_What to work on_
Reproduce, exactly and in full, only the lines below from the one containing "Lemma sum_law (R" through the one containing "set l1 := \sum_(t".
"""
(* Let $\Gamma$ and $\Gamma'$ be triangulations of connected closed $2$-dimensional surfaces $M$ and $M'$, and let $\tau,\tau'$ be $z$-orientations of $\Gamma,\Gamma'$ respectively such that all faces of $(\Gamma,\tau)$ and of $(\Gamma',\tau')$ are of type II. Then for any face $F$ of $\Gamma$, any face $F'$ of $\Gamma'$ and every special homeomorphism $g:\partial F\to\partial F'$, there exists a $z$-orientation of the connected sum $\Gamma\#_g\Gamma'$ for which all faces are of type II.
   Context: A triangulation of a connected closed surface (not necessarily orientable) is a closed $2$-cell embedding of a connected finite simple graph all of whose faces are triangles. Two edges are adjacent if distinct and in a common face; two faces are adjacent if distinct and their intersection is an edge. A zigzag is a sequence of edges $(e_i)_{i\in\mathbb{N}}$ such that for every $i$: $e_i,e_{i+1}$ are adjacent, the faces containing $e_i,e_{i+1}$ and $e_{i+1},e_{i+2}$ are adjacent, and $e_i,e_{i+2}$ are disjoint; it is a cyclic sequence, equivalently a cyclic vertex sequence $v_1,\dots,v_n$ with $e_i=v_iv_{i+1}$, traversing $e_i$ from $v_i$ to $v_{i+1}$. A $z$-orientation $\tau$ is a set of zigzags containing exactly one of $Z,Z^{-1}$ (reversed zigzag) for every zigzag $Z$. Every edge is traversed exactly twice in total by zigzags of $\tau$; it is of type I if in opposite directions, of type II if in the same direction. A face is of type II if all three of its edges are of type II (they then form a directed cycle); otherwise (two type I edges and one type II edge) it is of type I. A homeomorphism $g:\partial F\to\partial F'$ between boundaries of faces is special if it maps vertices to vertices. The connected sum $\Gamma\#_g\Gamma'$ is the triangulation of $M\# M'$ obtained by removing the interiors of $F$ and $F'$ and gluing $\partial F$ to $\partial F'$ via $g$. *)

From mathcomp Require Import all_boot.
Set Implicit Arguments. Unset Strict Implicit. Unset Printing Implicit Defensive.

Section Triang.
Variable V : finType.
(* Let $K$ be a random string in $\{0,1\}^N$ (with arbitrary distribution), and let $p_1,\dots,p_d\in\{1,\dots,N\}$ be fixed probes. Let $c'$ be a Bernoulli$(1/2)$ random variable and for $S\subseteq\{1,\dots,d\}$ define $c(S) := \bigoplus_{i\in S} K[p_i]$ and $d(S) := \|\mathcal L(c(S)) - \mathcal L(c')\|_{TV}$. If $\mathcal S$ is a uniformly random subset of $\{1,\dots,d\}$, then \[ \mathbb E\big[d(\mathcal S)\big] \le \frac12\sqrt{\sum_{y\in\{0,1\}^d}\mathbb P\big((K[p_1],\dots,K[p_d]) = y\big)^2}. \]
   Context: $K[i]$ denotes the $i$-th bit of $K$. For probability distributions $\mu,\nu$ on a finite set $\Omega$, $\|\mu-\nu\|_{TV} = \frac12\sum_{x\in\Omega}|\mu(x)-\nu(x)|$; $\mathcal L(Z)$ is the law of $Z$. *)

From HB Require Import structures.
From mathcomp Require Import all_boot all_order all_algebra.
Set Implicit Arguments. Unset Strict Implicit. Unset Printing Implicit Defensive.
Import Order.TTheory GRing.Theory Num.Theory.
Local Open Scope ring_scope.

Definition is_distr (R : numDomainType) (T : finType) (P : {ffun T -> R}) : Prop :=
  (forall t, 0 <= P t) /\ \sum_(t : T) P t = 1.

Definition law (R : numDomainType) (T U : finType) (P : {ffun T -> R}) (X : T -> U)
  : {ffun U -> R} := [ffun u => \sum_(t : T | X t == u) P t].

Definition tv (R : numFieldType) (U : finType) (mu nu : {ffun U -> R}) : R :=
  2^-1 * \sum_(u : U) `|mu u - nu u|.

Definition bern_half (R : numFieldType) : {ffun bool -> R} := [ffun _ => 2^-1].

(* Strings in {0,1}^N; K[i] is K i, bits indexed by 'I_N (0-based). *)
Definition bitstring (N : nat) := {ffun 'I_N -> bool}.

Definition cS (N d : nat) (p : 'I_d -> 'I_N) (S : {set 'I_d}) (K : bitstring N) : bool :=
  \big[addb/false]_(i in S) K (p i).

Definition dS (R : numFieldType) (N d : nat) (P : {ffun bitstring N -> R})
  (p : 'I_d -> 'I_N) (S : {set 'I_d}) : R :=
  tv (law P (cS p S)) (bern_half R).

Definition probe (N d : nat) (p : 'I_d -> 'I_N) (K : bitstring N) : {ffun 'I_d -> bool} :=
  [ffun i => K (p i)].

(* With the Walsh characters chi_S(y) = (-1)^(sum_(i in S) y_i) of {0,1}^d and
   q the law of the probed vector, the distance of c(S) from a fair coin is
   |E chi_S| / 2, and E chi_S is the Walsh coefficient of q at S.  By Parseval
   the quadratic mean of these coefficients over all S is sqrt(sum_y q(y)^2),
   and the mean of their absolute values is at most their quadratic mean. *)

From HB Require Import structures.
From mathcomp Require Import all_boot all_order all_algebra.
From mathcomp Require Import ring.
Set Implicit Arguments. Unset Strict Implicit. Unset Printing Implicit Defensive.
Import Order.TTheory GRing.Theory Num.Theory.
Local Open Scope ring_scope.

Lemma card_set_type (T : finType) : #|{set T}| = (2 ^ #|T|)%N.
Proof. by rewrite -[LHS]cardsT -powersetT card_powerset cardsT. Qed.

Lemma sum_set_prod (R : comPzSemiRingType) (I : finType) (s : I -> R) :
  \sum_(S : {set I}) \prod_(i in S) s i = \prod_i (1 + s i).
Proof.
under [RHS]eq_bigr do rewrite addrC.
by rewrite bigA_distr; apply: eq_bigr => S _; rewrite big_mkcond.
Qed.

Lemma signr_bigaddb (R : pzRingType) (I : finType) (S : {set I}) (b : I -> bool) :
  (-1) ^+ (\big[addb/false]_(i in S) b i) = \prod_(i in S) (-1) ^+ b i :> R.
Proof. exact: (big_morph _ (@signr_addb R)). Qed.

Definition walsh {R : pzRingType} {I : finType} (S : {set I}) (x : {ffun I -> bool}) : R :=
  \prod_(i in S) (-1) ^+ x i.

Lemma walsh_orthogonal (R : comPzRingType) (I : finType) (x y : {ffun I -> bool}) :
  \sum_(S : {set I}) walsh S x * walsh S y = if x == y then 2 ^+ #|I| else 0 :> R.
Proof.
under eq_bigr do rewrite /walsh -big_split.
rewrite sum_set_prod /=; case: eqP => [<- | x_neq_y].
  by rewrite -prodr_const; apply: eq_bigr => i _; rewrite -expr2 sqrr_sign.
have [i xy_i] : exists i, x i != y i.
  apply/existsP; apply: contra_notT x_neq_y => /existsPn x_eq_y.
  by apply/ffunP => i; apply/eqP/negPn.
rewrite (bigD1 i) //=; suff -> : 1 + (-1) ^+ x i * (-1) ^+ y i = 0 :> R by rewrite mul0r.
by move: xy_i; case: (x i); case: (y i); rewrite //= ?expr0 ?expr1 ?mulr1 ?mul1r subrr.
Qed.

Lemma walsh_parseval (R : comPzRingType) (I : finType) (q : {ffun I -> bool} -> R) :
  \sum_(S : {set I}) (\sum_x q x * walsh S x) ^+ 2 = 2 ^+ #|I| * \sum_x q x ^+ 2.
Proof.
transitivity (\sum_(S : {set I}) \sum_x \sum_y q x * q y * (walsh S x * walsh S y)).
  apply: eq_bigr => S _; rewrite expr2 mulr_suml; apply: eq_bigr => x _.
  by rewrite mulr_sumr; apply: eq_bigr => y _; ring.
rewrite exchange_big [RHS]mulr_sumr; apply: eq_bigr => x _ /=.
rewrite exchange_big; under eq_bigr do rewrite -mulr_sumr walsh_orthogonal.
rewrite (bigD1 x) //= eqxx big1 ?addr0 => [|y /negPf]; first by ring.
by rewrite eq_sym => ->; rewrite mulr0.
Qed.

Lemma sum_law (R : numDomainType) (T U : finType) (P : {ffun T -> R}) (X : T -> U)
    (f : U -> R) :
  \sum_t P t * f (X t) = \sum_u law P X u * f u.
Proof.
rewrite (partition_big X predT) //=; apply: eq_bigr => u _.
by rewrite ffunE mulr_suml; apply: eq_bigr => t /eqP ->.
Qed.

Lemma tv_law_bern_half (R : numFieldType) (T : finType) (P : {ffun T -> R})
    (X : T -> bool) :
  \sum_t P t = 1 -> tv (law P X) (bern_half R) = 2^-1 * `|\sum_t P t * (-1) ^+ X t|.
Proof.
move=> P1; rewrite /tv big_bool !ffunE.
set l1 := \sum_(t | X t == true) P t; set l0 := \sum_(t | X t == false) P t.
have split_sum (F : T -> R) :
    \sum_t F t = \sum_(t | X t == true) F t + \sum_(t | X t == false) F t.
  by rewrite (bigID (fun t => X t == true)); congr (_ + _); apply: eq_bigl => t; case: (X t).
have l0E : l0 = 1 - l1 by rewrite -P1 split_sum addrC addKr.
have -> : \sum_t P t * (-1) ^+ X t = l0 - l1.
  rewrite split_sum addrC -sumrN; congr (_ + _); apply: eq_bigr => t /eqP ->.
    by rewrite mulr1.
  by rewrite mulrN1.
rewrite l0E.
have -> : 1 - l1 - 2^-1 = - (l1 - 2^-1) by field.
have -> : 1 - l1 - l1 = - (2 * (l1 - 2^-1)) by field.
by rewrite !normrN normrM ger0_norm // mulr_natl mulr2n.
Qed.

Lemma mean_norm_le_sqrt_mean_sqr (R : rcfType) (I : finType) (a : I -> R) :
  #|I|%:R^-1 * \sum_i `|a i| <= Num.sqrt (#|I|%:R^-1 * \sum_i a i ^+ 2).
Proof.
have [I0 | I_gt0] := posnP #|I|; first by rewrite I0 invr0 mul0r sqrtr_ge0.
set n : R := #|I|%:R; have n_gt0 : 0 < n by rewrite ltr0n.
set A := n^-1 * \sum_i `|a i|.
have A_ge0 : 0 <= A by rewrite mulr_ge0 ?invr_ge0 ?ler0n ?sumr_ge0.
have sum_normE : \sum_i `|a i| = n * A by rewrite mulrA divff ?mul1r ?gt_eqF.
have deviationE : \sum_i (`|a i| - A) ^+ 2 = \sum_i a i ^+ 2 - n * A ^+ 2.
  under eq_bigr do rewrite sqrrB (real_normK (num_real _)).
  rewrite !big_split /= sumrN sumrMnl -mulr_suml sumr_const sum_normE -/n.
  by rewrite -[A ^+ 2 *+ _]mulr_natr; ring.
have A2_le : A ^+ 2 <= n^-1 * \sum_i a i ^+ 2.
  rewrite -(ler_pM2l n_gt0) mulVKf ?gt_eqF // -subr_ge0 -deviationE.
  by apply: sumr_ge0 => i _; apply: sqr_ge0.
by rewrite -(ger0_norm A_ge0) -sqrtr_sqr ler_sqrt // (le_trans _ A2_le) ?sqr_ge0.
Qed.

Theorem corollary1 (R : rcfType) (N d : nat) (P : {ffun bitstring N -> R})
  (hP : is_distr P) (p : 'I_d -> 'I_N) :
  (2 ^+ d)^-1 * \sum_(S : {set 'I_d}) dS P p S
  <= 2^-1 * Num.sqrt (\sum_(y : {ffun 'I_d -> bool}) (law P (probe p) y) ^+ 2).
Proof.
set q := law P (probe p).
pose bias (S : {set 'I_d}) : R := \sum_y q y * walsh S y.
have dS_bias S : dS P p S = 2^-1 * `|bias S|.
  rewrite /dS tv_law_bern_half; last by case: hP.
  rewrite /bias -sum_law; congr (_ * `|_|); apply: eq_bigr => K _.
  by rewrite /cS signr_bigaddb; congr (_ * _); apply: eq_bigr => i _; rewrite ffunE.
have card_sets_d : #|{set 'I_d}|%:R = 2 ^+ d :> R.
  by rewrite card_set_type card_ord natrX.
under eq_bigr do rewrite dS_bias.
rewrite -mulr_sumr mulrCA ler_pM2l ?invr_gt0 ?ltr0n // -card_sets_d.
apply: le_trans (mean_norm_le_sqrt_mean_sqr bias) _.
by rewrite walsh_parseval card_ord card_sets_d mulKf ?expf_neq0 ?pnatr_eq0.
Qed.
"""
_Response area_
Lemma sum_law (R : numDomainType) (T U : finType) (P : {ffun T -> R}) (X : T -> U)
    (f : U -> R) :
  \sum_t P t * f (X t) = \sum_u law P X u * f u.
Proof.
rewrite (partition_big X predT) //=; apply: eq_bigr => u _.
by rewrite ffunE mulr_suml; apply: eq_bigr => t /eqP ->.
Qed.

Lemma tv_law_bern_half (R : numFieldType) (T : finType) (P : {ffun T -> R})
    (X : T -> bool) :
  \sum_t P t = 1 -> tv (law P X) (bern_half R) = 2^-1 * `|\sum_t P t * (-1) ^+ X t|.
Proof.
move=> P1; rewrite /tv big_bool !ffunE.
set l1 := \sum_(t | X t == true) P t; set l0 := \sum_(t | X t == false) P t.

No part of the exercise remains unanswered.